Data =>
____
(* If there exists a $(G,[k_1,\dots,k_t],\lambda)$ Hadamard partitioned difference family and $G$ has a subgroup of index $2$, then the Diophantine system $$x_1+\cdots+x_t=\lambda,\qquad 2x_1(k_1-x_1)+\cdots+2x_t(k_t-x_t)=\lambda^2$$ has an integer solution $(s_1,\dots,s_t)$ with $0\le s_i\le k_i$ for each $i$.
   Context: $G$ is a finite group written additively, with difference $x-y:=x+(-y)$. For $B\subseteq G$, $\Delta B$ is the multiset $\{x-y: x,y\in B, x\neq y\}$; for $\mathcal{F}=\{B_1,\dots,B_t\}$, $\Delta\mathcal{F}$ is the multiset union of the $\Delta B_i$. $\mathcal{F}$ is a $(G,[k_1,\dots,k_t],\lambda)$ partitioned difference family if the $B_i$ partition $G$, $|B_i|=k_i$, and $\Delta\mathcal{F}$ contains every non-zero element of $G$ exactly $\lambda$ times; it is Hadamard if $|G|=2\lambda$. *)

From mathcomp Require Import all_boot all_fingroup.
Set Implicit Arguments. Unset Strict Implicit. Unset Printing Implicit Defensive.
Local Open Scope group_scope.

(* The group G is a finite group; the paper writes it additively, with
   x - y := x + (-y).  In MathComp's multiplicative notation this is x * y^-1. *)

Definition diff_count (gT : finGroupType) (B : {set gT}) (g : gT) : nat :=
  #|[set p in setX B B | (p.1 != p.2) && (p.1 * p.2^-1 == g)]|.

Definition is_PDF (gT : finGroupType) (G : {set gT}) (t : nat)
    (B : 'I_t -> {set gT}) (k : 'I_t -> nat) (lam : nat) : Prop :=
  [/\ forall i j : 'I_t, i != j -> [disjoint B i & B j],
      \bigcup_(i < t) B i = G,
      forall i : 'I_t, #|B i| = k i &
      forall g : gT, g \in G -> g != 1 -> (\sum_(i < t) diff_count (B i) g = lam)%N].

Definition is_Hadamard_PDF (gT : finGroupType) (G : {set gT}) (t : nat)
    (B : 'I_t -> {set gT}) (k : 'I_t -> nat) (lam : nat) : Prop :=
  is_PDF G B k lam /\ #|G| = (2 * lam)%N.

(* Let H be a subgroup of index 2 and put s_i = |B_i ∩ H|.  Since the blocks
   partition G, the s_i add up to |H| = lambda.  An element g ∉ H is nonzero,
   so it occurs lambda times in Delta F; summing over the lambda elements of
   G \ H gives lambda^2.  On the other hand x - y ∉ H exactly when one of x, y
   lies in H, so block B_i contributes 2 s_i (k_i - s_i) differences outside H. *)
From mathcomp Require Import all_boot all_fingroup.
From mathcomp Require Import zify.

Lemma sum_card_setI_disjoint_cover (T : finType) (n : nat)
    (B : 'I_n -> {set T}) (A : {set T}) :
  (forall i j, i != j -> [disjoint B i & B j]) ->
  A \subset \bigcup_(i < n) B i ->
  \sum_(i < n) #|B i :&: A| = #|A|.
Proof.
move=> disjB /subsetP sAB.
have cardIE i : #|B i :&: A| = \sum_(x in A) (x \in B i).
  rewrite -sum1_card (eq_bigl (fun x => (x \in A) && (x \in B i))) ?big_mkcondr.
    by apply: eq_bigr => x _; case: (x \in B i).
  by move=> x; rewrite inE andbC.
under eq_bigr do rewrite cardIE.
rewrite exchange_big -sum1_card; apply: eq_bigr => x /sAB /bigcupP[i _ xBi].
rewrite (bigD1 i) //= xBi big1 // => j ji.
by rewrite (disjointFl (disjB j i ji) xBi).
Qed.

Lemma sum_diff_count (gT : finGroupType) (B A : {set gT}) :
  (1 \notin A)%g ->
  \sum_(g in A) diff_count B g = #|[set p in setX B B | (p.1 * p.2^-1)%g \in A]|.
Proof.
move=> A1; rewrite -sum1_card (partition_big (fun p => (p.1 * p.2^-1)%g) (mem A)).
  apply: eq_bigr => g Ag; rewrite sum1_card /diff_count; apply: eq_card => p.
  rewrite [in RHS]unfold_in /= !inE -!andbA.
  have [def_g | _] := eqVneq (p.1 * p.2^-1)%g g; last by rewrite !andbF.
  rewrite def_g Ag; congr [&& _, _, _ & _]; apply: contraNneq A1 => eq12.
  by move: Ag; rewrite -def_g eq12 mulgV.
by move=> p; rewrite inE => /andP[].
Qed.

Section IndexTwo.

Variables (gT : finGroupType) (G H : {group gT}).
Hypotheses (sHG : H \subset G) (iHG : #|G : H|%g = 2).

Lemma card_setD_index2 : #|G :\: H| = #|H|.
Proof. by rewrite cardsD (setIidPr sHG) -(Lagrange sHG) iHG; lia. Qed.

Lemma index2_mulgV x y : x \in G -> y \in G ->
  ((x * y^-1)%g \in H) = ((x \in H) == (y \in H)).
Proof.
move=> Gx Gy; have [Hy | notHy] := boolP (y \in H); first by rewrite groupMr ?groupV.
have [Hx | notHx] := boolP (x \in H); first by rewrite groupMl // groupV (negbTE notHy).
have : x \in (H :* y)%g by rewrite (rcoset_index2 sHG iHG) !inE ?notHx ?notHy.
by rewrite mem_rcoset => ->.
Qed.

Lemma card_mulgV_outside_index2 (B : {set gT}) : B \subset G ->
  #|[set p in setX B B | (p.1 * p.2^-1)%g \in G :\: H]| = 2 * #|B :&: H| * #|B :\: H|.
Proof.
move=> /subsetP sBG.
have -> : [set p in setX B B | (p.1 * p.2^-1)%g \in G :\: H]
          = setX (B :&: H) (B :\: H) :|: setX (B :\: H) (B :&: H).
  apply/setP => -[x y]; rewrite !inE /=.
  have [Bx | _] := boolP (x \in B); last by rewrite !andbF.
  have [By | _] := boolP (y \in B); last by rewrite !andbF.
  rewrite index2_mulgV ?groupM ?groupV ?sBG // andbT.
  by case: (x \in H); case: (y \in H).
rewrite cardsU !cardsX.
have -> : setX (B :&: H) (B :\: H) :&: setX (B :\: H) (B :&: H) = set0.
  by apply/setP => -[x y]; rewrite !inE; case: (x \in H); rewrite ?andbF.
by rewrite cards0; lia.
Qed.

End IndexTwo.

Theorem corollary5p2 (gT : finGroupType) (G : {group gT}) (t : nat)
    (k : 'I_t -> nat) (lam : nat) :
  (exists B : 'I_t -> {set gT}, is_Hadamard_PDF G B k lam) ->
  (exists H : {group gT}, H \subset G /\ #|G : H|%g = 2) ->
  exists s : 'I_t -> nat,
    [/\ forall i, s i <= k i,
        \sum_(i < t) s i = lam &
        \sum_(i < t) 2 * s i * (k i - s i) = lam ^ 2].
Proof.
move=> [B [[disjB coverB cardB diffB] cardG]] [H [sHG iHG]].
have cardH : #|H| = lam by have := Lagrange sHG; rewrite iHG cardG; lia.
have sBG i : B i \subset G by rewrite -coverB (bigcup_sup i).
exists (fun i => #|B i :&: H|); split.
- by move=> i; rewrite -cardB subset_leq_card ?subsetIl.
- by rewrite sum_card_setI_disjoint_cover // coverB.
have lamGH g : g \in G :\: H -> \sum_(i < t) diff_count (B i) g = lam.
  by case/setDP => Gg notHg; apply: diffB => //; apply: contraNneq notHg => ->.
transitivity (\sum_(g in G :\: H) \sum_(i < t) diff_count (B i) g); last first.
  by rewrite (eq_bigr _ lamGH) sum_nat_const card_setD_index2 // cardH; lia.
rewrite exchange_big; apply: eq_bigr => i _.
rewrite sum_diff_count ?card_mulgV_outside_index2 //; last by rewrite !inE group1.
by rewrite -cardB -(cardsID H (B i)) addKn.
Qed.
Lemma quasivariety_gen (Q : hclass) : is_quasivariety Q -> Q A -> Q Gen.
Proof.
  intros [S HS] QA; apply HS; intros q Sq.
  apply (embedding_reflects_qi Gen A _ q gen_incl_hom gen_eq).
  exact (proj1 (HS A) QA q Sq).
Qed.
End GeneratedSubalgebra.

Lemma gen_list_finitely_generated (A : halg) (l : list A) :
  finitely_generated (Gen A (fun i => nth i l (hone A))).
Proof.
  set (w := fun i => nth i l (hone A)).
  exists (map (gen_var A w) (seq 0 (length l))); intro a.
  destruct (gen_generated A w a) as [t <-]; exists t.
  apply eval_ext; intros i _.
  destruct (Compare_dec.lt_dec i (length l)) as [Hi | Hi].
  - apply nth_map_seq, Hi.
  - rewrite nth_overflow by (rewrite length_map, length_seq; lia).
    apply gen_eq; simpl; unfold w; rewrite nth_overflow by lia; reflexivity.
Qed.

Definition hoop (A : halg) : Prop := forall e, In e hoop_axioms -> sat_eq A e.

Definition val3 (A : halg) (a b c : A) : nat -> A :=
  fun n => match n with 0 => a | 1 => b | _ => c end.

Section HoopArithmetic.
Variable C : halg.
Hypothesis HC : hoop C.

Local Notation "a ** b" := (hmul C a b) (at level 40, left associativity).
Local Notation "a --> b" := (himp C a b) (at level 55, right associativity).
Local Notation one := (hone C).

Lemma mul_one a : a ** one = a.
Proof. exact (HC (Mul x One, x) ltac:(simpl; tauto) (val3 C a a a)). Qed.

Lemma mul_comm a b : a ** b = b ** a.
Proof. exact (HC (Mul x y, Mul y x) ltac:(simpl; tauto) (val3 C a b a)). Qed.

Lemma mul_assoc a b c : a ** (b ** c) = a ** b ** c.
Proof.
  exact (HC (Mul x (Mul y z), Mul (Mul x y) z) ltac:(simpl; tauto) (val3 C a b c)).
Qed.

Lemma imp_self a : a --> a = one.
Proof. exact (HC (Imp x x, One) ltac:(simpl; tauto) (val3 C a a a)). Qed.

Lemma mul_imp_sym a b : a ** (a --> b) = b ** (b --> a).
Proof.
  exact (HC (Mul x (Imp x y), Mul y (Imp y x)) ltac:(simpl; tauto) (val3 C a b a)).
Qed.

Lemma imp_mul a b c : (a ** b) --> c = a --> b --> c.
Proof.
  exact (HC (Imp (Mul x y) z, Imp x (Imp y z)) ltac:(simpl; tauto) (val3 C a b c)).
Qed.

Definition hle (a b : C) : Prop := a --> b = one.

Lemma hle_antisym a b : hle a b -> hle b a -> a = b.
Proof.
  unfold hle; intros Hab Hba.
  rewrite <- (mul_one a), <- Hab, mul_imp_sym, Hba, mul_one; reflexivity.
Qed.

Lemma hle_refl a : hle a a.
Proof. apply imp_self. Qed.

Lemma residuation a b c : hle (a ** b) c <-> hle a (b --> c).
Proof. unfold hle; rewrite imp_mul; tauto. Qed.

Lemma one_imp a : one --> a = a.
Proof.
  apply hle_antisym; unfold hle.
  - rewrite <- (mul_one (one --> a)) at 1; rewrite imp_mul; apply imp_self.
  - rewrite <- imp_mul, mul_one; apply imp_self.
Qed.

Lemma imp_one a : a --> one = one.
Proof.
  assert (Ha : a ** (a --> one) = a).
  { rewrite mul_imp_sym, one_imp, mul_comm, mul_one; reflexivity. }
  rewrite <- (imp_self (a --> one)) at 2; rewrite <- imp_mul, mul_comm, Ha; reflexivity.
Qed.

Lemma mul_hle_l a b : hle (a ** b) a.
Proof. unfold hle; rewrite mul_comm, imp_mul, imp_self, imp_one; reflexivity. Qed.

Lemma modus_ponens a b : hle (a ** (a --> b)) b.
Proof. unfold hle; rewrite mul_comm, imp_mul, imp_self; reflexivity. Qed.

Lemma hle_trans a b c : hle a b -> hle b c -> hle a c.
Proof.
  unfold hle; intros Hab Hbc.
  assert (Ha : a = b ** (b --> a)) by (rewrite <- mul_imp_sym, Hab, mul_one; reflexivity).
  rewrite Ha, mul_comm, imp_mul, Hbc, imp_one; reflexivity.
Qed.

Lemma mul_hle_mono a a' b b' : hle a a' -> hle b b' -> hle (a ** b) (a' ** b').
Proof.
  intros Ha Hb.
  assert (mono_l : forall u u' v, hle u u' -> hle (u ** v) (u' ** v)).
  { intros u u' v Hu; apply <- residuation; apply (hle_trans _ _ _ Hu).
    apply -> residuation; apply hle_refl. }
  apply hle_trans with (a' ** b); [apply mono_l, Ha |].
  rewrite (mul_comm a' b), (mul_comm a' b'); apply mono_l, Hb.
Qed.

Lemma imp_hle_anti_l a b c : hle a b -> hle (b --> c) (a --> c).
Proof.
  intro Hab; apply -> residuation; apply hle_trans with ((b --> c) ** b).
  - apply mul_hle_mono; [apply hle_refl | exact Hab].
  - rewrite mul_comm; apply modus_ponens.
Qed.

Lemma hle_imp_r a c : hle c (a --> c).
Proof. apply -> residuation; apply mul_hle_l. Qed.

(* A submonoid P of a hoop contains a lower bound of its members in any
   finite list; with P := True this yields a bottom element of a finite hoop. *)
Lemma submonoid_lower_bound (P : C -> Prop) :
  P one -> (forall a b, P a -> P b -> P (a ** b)) ->
  forall L : list C, exists e, P e /\ forall c, In c L -> P c -> hle e c.
Proof.
  intros P1 Pmul L; induction L as [|a L [e [Pe He]]].
  - exists one; split; [exact P1 | intros c []].
  - destruct (classic (P a)) as [Pa | nPa].
    + exists (e ** a); split; [now apply Pmul |].
      intros c [<- | Hc] Pc; [rewrite mul_comm; apply mul_hle_l |].
      apply hle_trans with e; [apply mul_hle_l | now apply He].
    + exists e; split; [exact Pe |].
      intros c [<- | Hc] Pc; [contradiction | now apply He].
Qed.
____
What you are asked to do =>
Going back to the entries above, set down exactly the lines that begin at the one with "apply: eq_bigr => g" and end at the one with "move=> /subsetP sBG.", both included, and nothing else.

Result for this exercise =>
  apply: eq_bigr => g Ag; rewrite sum1_card /diff_count; apply: eq_card => p.
  rewrite [in RHS]unfold_in /= !inE -!andbA.
  have [def_g | _] := eqVneq (p.1 * p.2^-1)%g g; last by rewrite !andbF.
  rewrite def_g Ag; congr [&& _, _, _ & _]; apply: contraNneq A1 => eq12.
  by move: Ag; rewrite -def_g eq12 mulgV.
by move=> p; rewrite inE => /andP[].
Qed.

Section IndexTwo.

Variables (gT : finGroupType) (G H : {group gT}).
Hypotheses (sHG : H \subset G) (iHG : #|G : H|%g = 2).

Lemma card_setD_index2 : #|G :\: H| = #|H|.
Proof. by rewrite cardsD (setIidPr sHG) -(Lagrange sHG) iHG; lia. Qed.

Lemma index2_mulgV x y : x \in G -> y \in G ->
  ((x * y^-1)%g \in H) = ((x \in H) == (y \in H)).
Proof.
move=> Gx Gy; have [Hy | notHy] := boolP (y \in H); first by rewrite groupMr ?groupV.
have [Hx | notHx] := boolP (x \in H); first by rewrite groupMl // groupV (negbTE notHy).
have : x \in (H :* y)%g by rewrite (rcoset_index2 sHG iHG) !inE ?notHx ?notHy.
by rewrite mem_rcoset => ->.
Qed.

Lemma card_mulgV_outside_index2 (B : {set gT}) : B \subset G ->
  #|[set p in setX B B | (p.1 * p.2^-1)%g \in G :\: H]| = 2 * #|B :&: H| * #|B :\: H|.
Proof.
move=> /subsetP sBG.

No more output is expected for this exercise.